# New puppy blues...



## MNpurple (Mar 5, 2007)

Proud owner of my first hunting puppy, a female black lab. I did my homework, got her from good breeding, tried to the pick the right pup, not the wallflower or the dominant pup, but this is turning out to be the most frustrating endever I have ever undertaken! She is currently 9.5 weeks old, I picked her up at 7.5 weeks.

We go for walks every morning and evening and get some play time in between. Right now I am trying to teach her the sit, come, stay commands. Come works most of the time except for times when something else is way more interesting and she ignores me. I know for a fact that she knows sit. Before I feed her I tell her to sit and stay and she does both perfectly and there are times out for walks that she sits like a charm, and other times when I stop and tell her to sit, and she looks the other direction like she is purposely ignoring me and wont sit until I tap her rear. If she is not on a leash and no food involved, there is no hope that she will sit, in fact if I tell her to sit, and approach her, she knows I am going to tap her rear and she jumps in circles around me to avoid it. She loves to chase things, and I try to keep it fun always and only throw things 2 or 3 times for her to fetch. She always chases and fetches it but 25% of the time is all she will come back to me with it. I try getting all excited and sometimes she gets so esxcited she forgets to even pick it up and instead comes hurling back to me. I dont hit her, but if she is doing something she has been repeatedly told not to, I will grab her by the neck scruff and shake her and hold her on the floor and tell her no. It just seems that she is being so danged stubborn at times. She knows these commands but she pushes the limits and trys to get away with anything. I tell her to stay off the couch and when I say down she gets down, but as soon as I leave the room, I spy on her and up she goes again. My real pride is that there has been just two accidents in the house and she has even gone to the door a couple times to go out for potty.

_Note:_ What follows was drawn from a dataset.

(* Let $\mathcal{O}$ be any finite set of regular control flow operations (possibly including the operations of GKAT: if-then-else, sequential composition, while-do). Then there exists $k>0$ such that the guarded language $L_k$ is not generated by $\mathcal{O}$.
   Context: Guarded strings and languages. For finite sets $T$ (primitive tests) and $\Sigma$ (primitive actions), the Boolean expressions $\mathsf{BA}(T)$ are generated by $b ::= \mathsf{false}\mid\mathsf{true}\mid t\ (t\in T)\mid b\vee c\mid b\wedge c\mid \overline{b}$. Atoms are $\mathsf{At}_T=2^T$; for $\alpha\in\mathsf{At}_T$, $\alpha\le b$ means $b$ is true under the truth assignment making exactly the tests in $\alpha$ true. KAT expressions $\mathsf{KAT}(\Sigma,T)$: $e::= b\in\mathsf{BA}(T)\mid p\in\Sigma\mid e+f\mid e\cdot f\mid e^*$. A guarded string is a word in $\mathsf{At}_T(\Sigma\,\mathsf{At}_T)^*$; a guarded language is a set of guarded strings. If $w=w'\alpha$ and $x=\alpha x'$, then $w\diamond x=w'\alpha x'$; for guarded languages, $L\diamond K=\{w\diamond x: w\in L,x\in K, w\diamond x\text{ defined}\}$, $L^{(0)}=\mathsf{At}_T$, $L^{(n+1)}=L\diamond L^{(n)}$, $L^{( * )}=\bigcup_n L^{(n)}$. The language of a KAT expression: $L(b)=\{\alpha:\alpha\le b\}$, $L(p)=\{\alpha p\beta:\alpha,\beta\in\mathsf{At}_T\}$, $L(e+f)=L(e)\cup L(f)$, $L(ef)=L(e)\diamond L(f)$, $L(e^* )=L(e)^{( * )}$. $\mathcal{G}(\Sigma,T)$ denotes the set of guarded languages that are regular (as languages over the finite alphabet $\mathsf{At}_T\cup\Sigma$). A guarded language $L$ is deterministic if for all distinct $w,w'\in L$: (i) $w$ is not a proper prefix of $w'$, and (ii) the first position where $w$ and $w'$ differ is an atom. Substitution. Given maps $\mathfrak{s}:\Sigma_0\to\mathcal{G}(\Sigma_1,T_1)$ and $\mathfrak{t}:T_0\to\mathsf{BA}(T_1)$: an atom $\beta\in\mathsf{At}_{T_1}$ is $\mathfrak{t}$-consistent with $\alpha\in\mathsf{At}_{T_0}$ if for all $t\in T_0$, $\alpha\le t$ iff $\beta\le\mathfrak{t}(t)$. For $L$ over $(\Sigma_0,T_0)$, $\mathrm{apply}_{\mathfrak{t}}(L)$ is the set of $\beta_0p_0\beta_1\cdots p_{n-1}\beta_n$ such that some $\alpha_0p_0\alpha_1\cdots p_{n-1}\alpha_n\in L$ has each $\beta_i$ $\mathfrak{t}$-consistent with $\alpha_i$. For $L$ over $(\Sigma_0,T_1)$, $\mathrm{apply}^{\mathfrak{s}}(L)$ is the set of all $\alpha_0\diamond w_0\diamond\alpha_1\diamond\cdots\diamond w_{n-1}\diamond\alpha_n$ with $\alpha_0p_0\alpha_1\cdots p_{n-1}\alpha_n\in L$ and $w_i\in\mathfrak{s}(p_i)$. Put $\mathrm{apply}^{\mathfrak{s}}_{\mathfrak{t}}=\mathrm{apply}^{\mathfrak{s}}\circ\mathrm{apply}_{\mathfrak{t}}$. Regular control flow operations. For $e\in\mathsf{KAT}(\{x_1,\dots,x_n\},\{y_1,\dots,y_m\})$, $O_e$ is the $(n+m)$-ary operation which, for any finite $\Sigma,T$, takes $L_1,\dots,L_n\in\mathcal{G}(\Sigma,T)$ and $b_1,\dots,b_m\in\mathsf{BA}(T)$ and returns $\mathrm{apply}^{\mathfrak{s}}_{\mathfrak{t}}(L(e))$ where $\mathfrak{s}(x_i)=L_i$, $\mathfrak{t}(y_i)=b_i$. If $L(e)$ is deterministic, $O_e$ is called a (deterministic) regular control flow operation. A set $\mathcal{O}$ of such operations generates $L\in\mathcal{G}(\Sigma,T)$ if $L$ belongs to the smallest set of guarded languages containing $L(p)$ for all $p\in\Sigma$ and $L(b)$ for all $b\in\mathsf{BA}(T)$ and closed under: if $O_e\in\mathcal{O}$ has $n$ language and $m$ test parameters, $L_1,\dots,L_n$ are in the set and $b_1,\dots,b_m\in\mathsf{BA}(T)$, then $O_e(L_1,\dots,L_n,b_1,\dots,b_m)$ is in the set. The language $L_k$ ($k>0$): $T=\{t_1,\dots,t_k\}$, $\Sigma=\{p_1,\dots,p_k\}$, $\alpha_i=\{t_i\}\in\mathsf{At}_T$. $L_k$ consists of all guarded strings $\alpha_{i_1}\,p_1\,\alpha_{i_2}\,p_{i_1}\,\alpha_{i_3}\,p_{i_2}\cdots\alpha_{i_n}\,p_{i_{n-1}}\,\alpha_{i_n}$ with $n\ge1$, each $i_j\in\{1,\dots,k\}$, $i_1\ne1$, and $i_j\ne i_{j+1}$ for all $j<n$ (i.e. the $j$-th atom $\alpha_{i_j}$, $j\le n$, is followed by action $p_{i_{j-1}}$ with $i_0=1$, and the string ends with the atom $\alpha_{i_n}$ repeated). *)

From Stdlib Require List.
From mathcomp Require Import all_boot.
Set Implicit Arguments. Unset Strict Implicit. Unset Printing Implicit Defensive.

Am I experiencing a typical puppy, or does she seem extremely stubborn? I'm having such a hard time keeping my cool around her sometimes, but I know I have to. I have read the 10 minute retriever, wolters, gould and another. Maybe I am expecting too much and should just let her be a puppy and forget commands for a couple weeks.

Anyone looking for a 9 week old lab :wink:


----------



## clu__82 (Jun 27, 2006)

Well I am no expert ....but I have a soon to be 9 month old black lab male and a soon to be 3 month old black lab female....and YES your story seems to be very similar to both of my pups....just keep doing what your doing with lots of repetition and praise and they will figure it out ....just make sure that youre consistent with what you do ....with my first pup it was my first dog ever ....and I must have changed commands 12312983 times ...after reading books and DVDs etc etc ...so that was tough on hm because I wasnt being consistent ...but with my second pup..my fiancee and I have tried to be as consistent as we could .....YOur pup is still young .....so jsut keep working hard and dont get discouraged ....

Good Luck

Clu__82


----------



## jkolson (Mar 22, 2006)

Typical puppy. Everything is new and interesting and zero attention span. I probably had my now 10 mo. old yellow lab for two months before I started basic obedience making sure she understood her name and NO.

I let mine be a pup and enjoy walks in the field so she could get used to all the sights, sounds and smells so when it came time to train she would be less distracted by the surroundings. I can't count how many times I've thought I must have gotten the most stubborn pup in the state and quit a training session because she wouldn't listen and I got frustrated. Repetition, consistency and ALWAYS end a training session on a good note (usually a short easy retrieve).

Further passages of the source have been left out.